TASK » Go through the records line by line from the top and repeat each one exactly, ending with the line that contains "- by move=> x' y' _ I1 _ I2; rewrite D1".

RECORD SET »
Lemma mmul_e f g i : lfun f -> lfun g -> mmul Delta f g (e i) =
  f (e i) * g (binv n Ca d q h i)
  + \sum_(c <- iota 1 n.-1) f 1 * g (onei n q h i c * e i)
  + f (Hinv n Ca d h i) * g (onei n q h i 0 * e i).
Proof.
move=> lf lg; case: Delta_coprod => [_ _ _ _ Delta_e].
by rewrite /mmul (Delta_e i f g lf lg) !pair_eval_cat /pair_eval !big_seq1
  big_map addrA.
Qed.

Lemma mmul_lchar f g : lchar f -> lchar g -> lchar (mmul Delta f g).
Proof.
move=> [lf f1 fM] [lg g1 gM]; split; first exact: mmul_lfun.
  by rewrite mmul1 // f1 g1 mulr1.
move=> x y; rewrite mmulM // /mmul /pair_eval big_distrl /=.
apply: eq_bigr => p _; rewrite big_distrr /=; apply: eq_bigr => p' _.
by rewrite fM gM; ring.
Qed.

Lemma mmul_lchar_der f c1 c2 g : lchar f -> twisted_der c1 c2 g ->
  twisted_der (mmul Delta f c1) (mmul Delta f c2) (mmul Delta f g).
Proof.
move=> [lf f1 fM] [lg gD]; split; first exact: mmul_lfun.
move=> x y; rewrite mmulM // /mmul /pair_eval !big_distrl -big_split /=.
apply: eq_bigr => p _; rewrite !big_distrr -big_split /=; apply: eq_bigr => p' _.
by rewrite fM gD; ring.
Qed.

Lemma mmul_der_lchar f c1 c2 g : twisted_der c1 c2 f -> lchar g ->
  twisted_der (mmul Delta c1 g) (mmul Delta c2 g) (mmul Delta f g).
Proof.
move=> [lf fD] [lg g1 gM]; split; first exact: mmul_lfun.
move=> x y; rewrite mmulM // /mmul /pair_eval !big_distrl -big_split /=.
apply: eq_bigr => p _; rewrite !big_distrr -big_split /=; apply: eq_bigr => p' _.
by rewrite fD gM; ring.
Qed.

Hypothesis generated : forall x, gen h e x.

Lemma twisted_der_eq c1 c2 g1 g2 :
  twisted_der c1 c2 g1 -> twisted_der c1 c2 g2 -> g1 1 = g2 1 ->
  (forall i, g1 (h i) = g2 (h i)) -> (forall i, g1 (e i) = g2 (e i)) ->
  g1 =1 g2.
Proof.
move=> [l1 D1] [l2 D2] E1 Eh Ee x; elim: (generated x) => //.
- by move=> x' y' _ I1 _ I2; rewrite !lfunD // I1 I2.
- by move=> x' y' _ I1 _ I2; rewrite D1 D2 I1 I2.
- by move=> c x' _ I; rewrite !lfunZ // I.
Qed.

Lemma lchar_eq g1 g2 : lchar g1 -> lchar g2 ->
  (forall i, g1 (h i) = g2 (h i)) -> (forall i, g1 (e i) = g2 (e i)) ->
  g1 =1 g2.
Proof.
move=> [l1 o1 M1] [l2 o2 M2] Eh Ee x; elim: (generated x) => //.
- by rewrite o1 o2.
- by move=> x' y' _ I1 _ I2; rewrite !lfunD // I1 I2.
- by move=> x' y' _ I1 _ I2; rewrite M1 M2 I1 I2.
- by move=> c x' _ I; rewrite !lfunZ // I.
Qed.

End Convolution.

Section RootsOfUnity.
Variables (k : fieldType) (n : nat) (z : k).
Hypotheses (n_gt0 : (0 < n)%N) (z_prim : n.-primitive_root z).

Lemma prim_root_neq0 : z != 0.
Proof.
apply/eqP => z0; have := prim_expr_order z_prim.
by rewrite z0 expr0n eqn0Ngt n_gt0 => /esym/eqP; rewrite oner_eq0.
Qed.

ANSWER AREA »
Lemma mmul_e f g i : lfun f -> lfun g -> mmul Delta f g (e i) =
  f (e i) * g (binv n Ca d q h i)
  + \sum_(c <- iota 1 n.-1) f 1 * g (onei n q h i c * e i)
  + f (Hinv n Ca d h i) * g (onei n q h i 0 * e i).
Proof.
move=> lf lg; case: Delta_coprod => [_ _ _ _ Delta_e].
by rewrite /mmul (Delta_e i f g lf lg) !pair_eval_cat /pair_eval !big_seq1
  big_map addrA.
Qed.

Lemma mmul_lchar f g : lchar f -> lchar g -> lchar (mmul Delta f g).
Proof.
move=> [lf f1 fM] [lg g1 gM]; split; first exact: mmul_lfun.
  by rewrite mmul1 // f1 g1 mulr1.
move=> x y; rewrite mmulM // /mmul /pair_eval big_distrl /=.
apply: eq_bigr => p _; rewrite big_distrr /=; apply: eq_bigr => p' _.
by rewrite fM gM; ring.
Qed.

Lemma mmul_lchar_der f c1 c2 g : lchar f -> twisted_der c1 c2 g ->
  twisted_der (mmul Delta f c1) (mmul Delta f c2) (mmul Delta f g).
Proof.
move=> [lf f1 fM] [lg gD]; split; first exact: mmul_lfun.
move=> x y; rewrite mmulM // /mmul /pair_eval !big_distrl -big_split /=.
apply: eq_bigr => p _; rewrite !big_distrr -big_split /=; apply: eq_bigr => p' _.
by rewrite fM gD; ring.
Qed.

Lemma mmul_der_lchar f c1 c2 g : twisted_der c1 c2 f -> lchar g ->
  twisted_der (mmul Delta c1 g) (mmul Delta c2 g) (mmul Delta f g).
Proof.
move=> [lf fD] [lg g1 gM]; split; first exact: mmul_lfun.
move=> x y; rewrite mmulM // /mmul /pair_eval !big_distrl -big_split /=.
apply: eq_bigr => p _; rewrite !big_distrr -big_split /=; apply: eq_bigr => p' _.
by rewrite fD gM; ring.
Qed.

Hypothesis generated : forall x, gen h e x.

Lemma twisted_der_eq c1 c2 g1 g2 :
  twisted_der c1 c2 g1 -> twisted_der c1 c2 g2 -> g1 1 = g2 1 ->
  (forall i, g1 (h i) = g2 (h i)) -> (forall i, g1 (e i) = g2 (e i)) ->
  g1 =1 g2.
Proof.
move=> [l1 D1] [l2 D2] E1 Eh Ee x; elim: (generated x) => //.
- by move=> x' y' _ I1 _ I2; rewrite !lfunD // I1 I2.
- by move=> x' y' _ I1 _ I2; rewrite D1 D2 I1 I2.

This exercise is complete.